"Ada muncul masukan LIPI, memikirkan asimetris desentralisasi provinsi yang berada di daerah perbatasan," kata Ketua Tim rombongan kunjungan kerja Komite I DPD RI, Fachrul Razi di Batam, Kepulauan Riau, Selasa.
Menurut dia, ide itu bisa menjawab masalah ekonomi di perbatasan, bila dimasukkan dalam RUU perubahan UU No.43 Tahun 2008 tentang Wilayah Negara.
Dengan menjadi provinsi khusus, tentunya, perlakuan yang diterapkan berbeda, termasuk kebijakan anggarannya.
"Provinsi di batas wilayah dapat dana afirmasi. Di situ negara hadir," kata dia yang menjabat Wakil Ketua Komite I DPD RI.
Ketentuan itu, terutama untuk wilayah perbatasan perairan seperti Provinsi Kepulauan Riau yang berbatasan dengan Singapura, Malaysia, Thailand dan Vietnam.
Ia menyatakan, di pulau-pulau terdepan, kehadiran negara masih sulit dirasakan.
"Pulau kalau enggak ada kekayaannya, negara enggak.

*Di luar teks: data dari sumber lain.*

(* Let $0.8<t<1$, $P=(0,t)$, $Q=(0,-t)$, $R=\left(\frac{t-1}{t+1},0\right)$, and let $A_1=(1,0)$, $A_2=\left(\frac{t^2-1}{t^2+1},\frac{2t}{t^2+1}\right)$, $A_3=(0,-1)$, $A_4=(0,1)$, $A_5=\left(\frac{t^2-1}{t^2+1},-\frac{2t}{t^2+1}\right)$. If $v\in S^1$ satisfies $\psi_{\triangle PQR}^5(v)=v$, then $v=A_i$ for some $i$ with $1\leq i\leq 5$.
   Context: $D$ is the open unit disk in $\mathbb R^2$ and $S^1$ its boundary circle. For a closed convex $U\subset D$ and $v\in S^1$, $\psi_U(v)$ is the point $w\in S^1\setminus\{v\}$ such that the line $vw$ meets $U$ and $U$ lies in the closed half-plane to the left of the directed line from $v$ to $w$ (the first point counterclockwise from $v$ whose chord from $v$ is tangent to $U$); $\triangle PQR$ denotes the closed filled triangle. *)

From Stdlib Require Import Reals Lra ClassicalEpsilon.
Open Scope R_scope.

Definition pt := (R * R)%type.

Definition on_S1 (v : pt) : Prop := fst v ^ 2 + snd v ^ 2 = 1.

(* cross product (w - v) x (p - v): positive iff p is strictly to the left
   of the directed line from v to w *)
Definition cross3 (v w p : pt) : R :=
  (fst w - fst v) * (snd p - snd v) - (snd w - snd v) * (fst p - fst v).

Definition psi_spec (U : pt -> Prop) (v w : pt) : Prop :=
  on_S1 w /\ w <> v /\
  (exists p, U p /\ cross3 v w p = 0) /\
  (forall p, U p -> 0 <= cross3 v w p).       (* U in the closed left half-plane *)

(* psi_U(v): the (unique, when it exists) point w with psi_spec U v w *)
Definition psi (U : pt -> Prop) (v : pt) : pt :=
  epsilon (inhabits (0, 0)) (psi_spec U v).

Definition filled_triangle (P Q R0 : pt) : pt -> Prop := fun x =>
  exists a b c, 0 <= a /\ 0 <= b /\ 0 <= c /\ a + b + c = 1 /\
    fst x = a * fst P + b * fst Q + c * fst R0 /\
    snd x = a * snd P + b * snd Q + c * snd R0.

Negara hadir hanya kalau ada resources," kata dia.
Makanya, negara perlu hadir dengan pendekatan daerah khusus, katanya dalam rapat.

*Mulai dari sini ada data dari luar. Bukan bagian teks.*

(* Let $1\le n\le L$. The map sending $w\in\Omega'^{\{1\}}$ to the collection of sets $B_1,\dots,B_n$, where $B_i\subseteq\{1,\dots,L\}$ is the set of positions of the letters $\bullet_i$ and $\Box_i$ in $w$, is a bijection from $\Omega'^{\{1\}}$ onto the set of (unordered) set partitions of $\{1,\dots,L\}$ into exactly $n$ nonempty blocks.
   Context: Particle labels are taken modulo $n$. $\Omega_{L,n}$ is the set of words $w_1\cdots w_L$ on the ring $\mathbb{Z}/L\mathbb{Z}$ over the alphabet $\{\bullet_1,\dots,\bullet_n,\Box_1,\dots,\Box_n\}$ in which each $\bullet_k$ occurs exactly once, the $\bullet_1,\dots,\bullet_n$ appear in this cyclic order, and the remaining $L-n$ letters are arbitrary $\Box_i$'s. For $w\in\Omega_{L,n}$ let $b_k$ be the position of $\bullet_k$ and $C_k$ the set of positions strictly between $b_k$ and $b_{k+1}$ going cyclically forward ($b_{n+1}=b_1$). For $i,k\in\{1,\dots,n\}$ set $w_\Box(i,k)=p_1\cdots p_{i-1}q_{i+1}\cdots q_kp_{k+1}\cdots p_n$ if $i\le k$ and $w_\Box(i,k)=q_1\cdots q_kp_{k+1}\cdots p_{i-1}q_{i+1}\cdots q_n$ if $k<i$ (empty products are $1$), monomials in indeterminates. The weight is the monomial $\mathrm{wt}(w)=\prod_{k=1}^n\prod_{j\in C_k}w_\Box(i_j,k)$ where $w_j=\Box_{i_j}$. $\Omega'^{\{1\}}$ is the set of $w\in\Omega_{L,n}$ with $w_1=\bullet_1$ whose weight monomial does not contain $q_1$ (i.e. $\mathrm{wt}(w)\ne0$ when $q_1=0$ and all other rates are positive). *)

From mathcomp Require Import all_boot.
Set Implicit Arguments. Unset Strict Implicit. Unset Printing Implicit Defensive.

(* Letters: [inl k] is the particle bullet_{k+1}, [inr i] is the box Box_{i+1}
   (labels 0-indexed: label k : 'I_n stands for the paper's k+1).
   Positions 1..L of the ring Z/LZ are 'I_L (position j : 'I_L is the paper's j+1). *)
Definition letter (n : nat) := ('I_n + 'I_n)%type.
Definition word (L n : nat) := {ffun 'I_L -> letter n}.

Section Defs.
Variables (L n : nat).
Implicit Types (w : word L n).

Definition wseq w : seq (letter n) := [seq w j | j <- enum 'I_L].

Definition dotseq w : seq nat :=
  pmap (fun x : letter n => if x is inl k then Some (val k) else None) (wseq w).

Definition inOmega w : Prop :=
  (forall k : 'I_n, count_mem (inl k) (wseq w) = 1) /\
  (exists r, dotseq w = rot r (iota 0 n)).

Definition bpos w (k : 'I_n) : nat := index (inl k) (wseq w).

Definition cdist (a b : nat) : nat := (b + L - a) %% L.

(* j in C_k : j strictly between b_k and b_{k+1} going cyclically forward
   (b_{n+1} = b_1; if b_{k+1} = b_k, i.e. n = 1, all positions except b_k) *)
Definition inC w (k : 'I_n) (j : nat) : bool :=
  (0 < cdist (bpos w k) j) &&
  ((cdist (bpos w k) j < cdist (bpos w k) (bpos w (ordS k)))
   || (bpos w (ordS k) == bpos w k)).

(* exponents of p_m and q_m in the monomial w_Box(i,k) (all 0-indexed) *)
Definition pexp (i k m : nat) : nat :=
  if i <= k then ((m < i) || (k < m)) else ((k < m) && (m < i)).
Definition qexp (i k m : nat) : nat :=
  if i <= k then ((i < m) && (m <= k)) else ((m <= k) || (i < m)).

(* exponents of p_m and q_m in wt(w) = prod_k prod_{j in C_k} w_Box(i_j,k) *)
Definition wt_p w (m : 'I_n) : nat :=
  \sum_(j < L) \sum_(k < n)
     (if w j is inr i then (if inC w k j then pexp i k m else 0) else 0).
Definition wt_q w (m : 'I_n) : nat :=
  \sum_(j < L) \sum_(k < n)
     (if w j is inr i then (if inC w k j then qexp i k m else 0) else 0).

(* Omega'^{1}: w in Omega_{L,n}, w_1 = bullet_1, and q_1 does not divide wt(w) *)
Definition inOmega1 w : Prop :=
  inOmega w /\
  (forall (j : 'I_L) (k : 'I_n), val j = 0 -> val k = 0 -> w j = inl k) /\
  (forall m : 'I_n, val m = 0 -> wt_q w m = 0).

Definition block w (i : 'I_n) : {set 'I_L} :=
  [set j | (w j == inl i) || (w j == inr i)].

Definition blocks w : {set {set 'I_L}} := [set block w i | i : 'I_n].

End Defs.

From mathcomp Require Import all_boot.
From mathcomp Require Import zify.
Set Implicit Arguments. Unset Strict Implicit. Unset Printing Implicit Defensive.

(* Write [b_k] for the position of bullet [k].  In a word of [Omega'^{1}] the condition
   [w_1 = bullet_1] together with the cyclic order forces [b_1 < ... < b_n], and since
   [q_1] divides [w_Box(i,k)] exactly when [k < i], the absence of [q_1] in the weight
   says that every [Box_i] lies in a gap [C_k] with [i <= k], i.e. after [bullet_i].
   So [bullet_i] marks the first element of the block [B_i], and the blocks are
   numbered in the order of their first elements.  Conversely, numbering the blocks of
   a set partition by their least elements and putting [bullet_i] at the least element
   of the [i]-th block and [Box_i] elsewhere in it gives such a word, and the two
   constructions are mutually inverse. *)

Lemma cdistE L a b : a < L -> b < L -> cdist L a b = if a <= b then b - a else b + L - a.
Proof.
move=> aL bL; rewrite /cdist; case: leqP => ab; last by rewrite modn_small; lia.
by rewrite (_ : b + L - a = b - a + L) ?modnDr ?modn_small; lia.
Qed.

Lemma card_ltn_ord p k : k <= p -> #|[set i : 'I_p | i < k]| = k.
Proof. by move=> kp; rewrite -sum1dep_card (big_ord_narrow kp) sum1_card card_ord. Qed.

Section Words.
Variables (l m : nat).
Local Notation L := l.+1.
Local Notation n := m.+1.
Implicit Types (w : word L n).

Definition label (x : letter n) : 'I_n := match x with inl a => a | inr a => a end.

Definition is_dot (x : letter n) : bool := if x is inl _ then true else false.

Definition dot_label (x : letter n) : option nat := if x is inl k then Some (val k) else None.

Definition dot_lt (x y : letter n) : bool :=
  if (x, y) is (inl a, inl b) then a < b else true.

Definition dots_increasing w := forall x y : 'I_L, x < y -> dot_lt (w x) (w y).

Record restricted w : Prop := Restricted {
  dot_complete : forall k : 'I_n, exists j, w j = inl k;
  dot_increasing : dots_increasing w;
  box_after_dot : forall j i, w j = inr i -> exists2 j' : 'I_L, j' < j & w j' = inl i
}.

Lemma wseqE w : wseq w = [seq w (inord x) | x <- iota 0 L].
Proof.
by rewrite /wseq -val_enum_ord -map_comp; apply: eq_map => j /=; rewrite inord_val.
Qed.

Lemma pairwise_dot_lt (s : seq (letter n)) :
  pairwise dot_lt s = pairwise ltn (pmap dot_label s).
Proof.
elim: s => //= [[k|i] s IH]; rewrite /= IH; last by rewrite (@eq_all _ _ predT) ?all_predT.
congr (_ && _); elim: s {IH} => //= [[k'|i'] s IH]; by rewrite /= IH.
Qed.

Di tempat yang sama, Asisten Pemerintahan dan Kesejahteraan Rakyat Pemprov Kepri, Raja Ariza menyatakan selama ini daerah tidak mendapatkan pendapatan dari pengelolaan kekayaan laut.
Padahal, perairan Kepri, yang mencapai Laut Tiongkok Selatan (Laut Natuna) kaya akan sumber minyak gas dan bumi. Namun, semuanya atas pengelolaan pemerintah pusat.
"Pada wilayah 12 mil di wilayah Kepri, tidak ada minyak. Di atas 12 mil ada, pusat yang punya," kata dia.
Hal itu juga terjadi pada retribusi labuh jangkar. Dalam peraturan disebutkan, labuh jangkar dikelola oleh pemerintah provinsi, namun kenyataannya sampai sekarang masih dipungut pusat.
"Sampai ke pelabuhan pusat, ke luar pelabuhan, pusat, satu sen pun tidak ada daerah yang pungut," kata dia.